Artist13: Jean Tinguely

Jean Tinguely, unlike many artists, spent a lot oftime both creating and destroying. The Swiss-born sculptor communicated his concepts through metamechanics - kinetic mechanical sculptures. His intricate, and often colossal, machines work in classic steampunk fashion with complex networks or metal and wire often performing comically simple and clumsy tasks. He used his machines in traditional Dada fashion, criticizing and satirizing the military-industrial complex in its similarly clumsy functions as well as the inevitable collapse of the modern industry and society as it grew and germinated in an unsustainable fashion.

His sculptures often self-destructed to communicate Tinguely's projections of the coming self-destruction of the current status quo. His most famous of these self-destructing machines was his Homage to New York:

The machine, decomposing into bent metal and broken wire and consuming itself in flame and smoke, drew parallels to the massive machine that is future New York as its industrial clockwork violently shut down under its own weight and complexity.

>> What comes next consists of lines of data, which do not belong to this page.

(* Let $n\ge1$ and let $A_1,\ldots,A_n$ be operators on $\mathbb{C}^{2^n}$ such that $A_x^\dagger=A_x$ and $A_xA_y+A_yA_x=2\delta_{xy}\mathbb{1}$ for all $x,y$. Consider the dichotomic steering functional $F^{dicho}=\{A_x: x=1,\ldots,n\}$, acting on an $(n,2,2^n)$-assemblage $\sigma$ by $\langle F^{dicho},\sigma\rangle=\mathrm{Tr}\big(\sum_{x=1}^n A_x(\sigma_x^1-\sigma_x^2)\big)$. Then $$V(F^{dicho})=\frac{\sup\{|\langle F^{dicho},\sigma\rangle|:\sigma\in\mathcal{Q}\}}{\sup\{|\langle F^{dicho},\sigma\rangle|:\sigma\in\mathcal{L}\}}\ \ge\ \sqrt{\tfrac{n}{2}}.$$
   Context: Here $d=2^n$. An $(n,2,d)$-assemblage is a family $\sigma=\{\sigma_x^a: x=1,\ldots,n,\ a=1,2\}$ of positive semidefinite operators on $\mathbb{C}^d$ such that $\sigma_x^1+\sigma_x^2$ does not depend on $x$ and has trace $1$; $\mathcal{Q}$ is the set of all such assemblages. An assemblage has a local hidden state (LHS) model if there exist a finite index set $\Lambda$, weights $q_\lambda\ge0$ with $\sum_\lambda q_\lambda=1$, density matrices $\sigma_\lambda$ on $\mathbb{C}^d$, and probability distributions $\{p_\lambda(a|x)\}_{a=1,2}$ for each $x,\lambda$, such that $\sigma_x^a=\sum_\lambda q_\lambda p_\lambda(a|x)\sigma_\lambda$ for all $x,a$; $\mathcal{L}$ is the set of such assemblages. *)

From HB Require Import structures.
From mathcomp Require Import all_boot all_order all_algebra.
From mathcomp Require Import complex.
From mathcomp Require Import boolp classical_sets reals.
Set Implicit Arguments. Unset Strict Implicit. Unset Printing Implicit Defensive.
Import Order.TTheory GRing.Theory Num.Theory.
Local Open Scope ring_scope.

Section Steering.
Variable R : realType.
Local Notation C := R[i].

Definition adjmx (d : nat) (A : 'M[C]_d) : 'M[C]_d :=
  map_mx (fun z : C => z^*) A^T.

Definition herm_mx (d : nat) (A : 'M[C]_d) : Prop := adjmx A = A.

(* positive semidefinite: Hermitian and v^dagger A v >= 0 for all v
   (for complex numbers, 0 <= z means z is real and nonnegative) *)
Definition psd (d : nat) (A : 'M[C]_d) : Prop :=
  herm_mx A /\
  forall v : 'cV[C]_d, 0 <= ((map_mx (fun z : C => z^*) v^T) *m A *m v) 0 0.

Definition density (d : nat) (A : 'M[C]_d) : Prop := psd A /\ \tr A = 1.

(* An (n,2,d)-assemblage sigma x a, with x : 'I_n (x = 1..n) and
   a : 'I_2 (index 0 is outcome a=1, index 1 is outcome a=2). *)
Definition assemblage (n d : nat) (sigma : 'I_n -> 'I_2 -> 'M[C]_d) : Prop :=
  (forall x a, psd (sigma x a)) /\
  exists rho : 'M[C]_d, (forall x, sigma x 0 + sigma x 1 = rho) /\ \tr rho = 1.

Definition has_LHS (n d : nat) (sigma : 'I_n -> 'I_2 -> 'M[C]_d) : Prop :=
  exists (m : nat) (q : 'I_m -> R) (rho : 'I_m -> 'M[C]_d)
         (p : 'I_m -> 'I_n -> 'I_2 -> R),
    (forall l, 0 <= q l) /\ \sum_(l < m) q l = 1 /\
    (forall l, density (rho l)) /\
    (forall l x a, 0 <= p l x a) /\ (forall l x, \sum_(a < 2) p l x a = 1) /\
    (forall x a, sigma x a = \sum_(l < m) ((q l * p l x a)%:C)%C *: rho l).

Definition LHS_assemblage (n d : nat) (sigma : 'I_n -> 'I_2 -> 'M[C]_d) : Prop :=
  assemblage sigma /\ has_LHS sigma.

Definition dicho_pairing (n d : nat) (A : 'I_n -> 'M[C]_d)
  (sigma : 'I_n -> 'I_2 -> 'M[C]_d) : C :=
  \tr (\sum_(x < n) A x *m (sigma x 0 - sigma x 1)).

Definition quantum_value (n d : nat) (A : 'I_n -> 'M[C]_d) : R :=
  sup [set r : R | exists sigma, assemblage sigma /\ r = @complex.Re R `|dicho_pairing A sigma|].
Definition kron (e : Z) n (P : 'M[Cplx]_n) : 'M[Z]_n := \matrix_(i, j) vscal (P i j) e.

Lemma eI_kron e n : eI e n = kron e (cidmx n).
Proof. by apply/matrixP => i j; rewrite !mxE; case: (_ == _); rewrite ?vscal_1 ?vscal0. Qed.

Lemma mscal_kron e n a (P : 'M[Cplx]_n) :
  mscal a (kron e P) = kron e (\matrix_(i, j) Cmul a (P i j)).
Proof. by apply/matrixP => i j; rewrite !mxE vscal_assoc. Qed.

Lemma madd_kron e n (P Q : 'M[Cplx]_n) :
  madd (kron e P) (kron e Q) = kron e (\matrix_(i, j) Cadd (P i j) (Q i j)).
Proof. by apply/matrixP => i j; rewrite !mxE vscal_distr_c. Qed.

Lemma congr_kron e n k (X : 'M[Cplx]_(n, k)) P : congr_mx X (kron e P) = kron e (ccongr X P).
Proof.
apply/matrixP => i j; rewrite !mxE vscal_suml; apply: eq_bigr => p _.
by rewrite vscal_suml; apply: eq_bigr => q _; rewrite mxE vscal_assoc.
Qed.

End VectorSpace.
Arguments vsum_delta [Z n] i0 [F].

Section DirectSum.
Variable Z : CVS.
Notation vz := (vzero Z).

Lemma vscal_cdelta2 b b' (x : Z) :
  vscal (Cmul (Cconj (cdelta b)) (cdelta b')) x = if b && b' then x else vz.
Proof.
by case: b b' => -[] /=; [rewrite -[RHS]vscal_1 | rewrite -(vscal0 x) ..]; congr vscal; cring.
Qed.

Definition selmx N k (f : 'I_k -> 'I_N) : 'M[Cplx]_(N, k) := \matrix_(p, i) cdelta (p == f i).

Tinguely's cautionary tales for society, told using his kinetic sculptures, function as reminders to constantly question to status quo and repercussions therein. Although the complete bombastic destruction of current society according to Tinguely's predictions for the future haven't occurred (at least not yet), his message will remain relevant as we grow and change exponential faster. His call for the need for sustainability and, if nothing else, criticism of modern civilization , is necessary to manage such rapid and abrupt change. A self-aware and cautious society with the capacity for collective introspection was perhaps what Tinguley was trying to push humanity towards with his visceral and violent machines.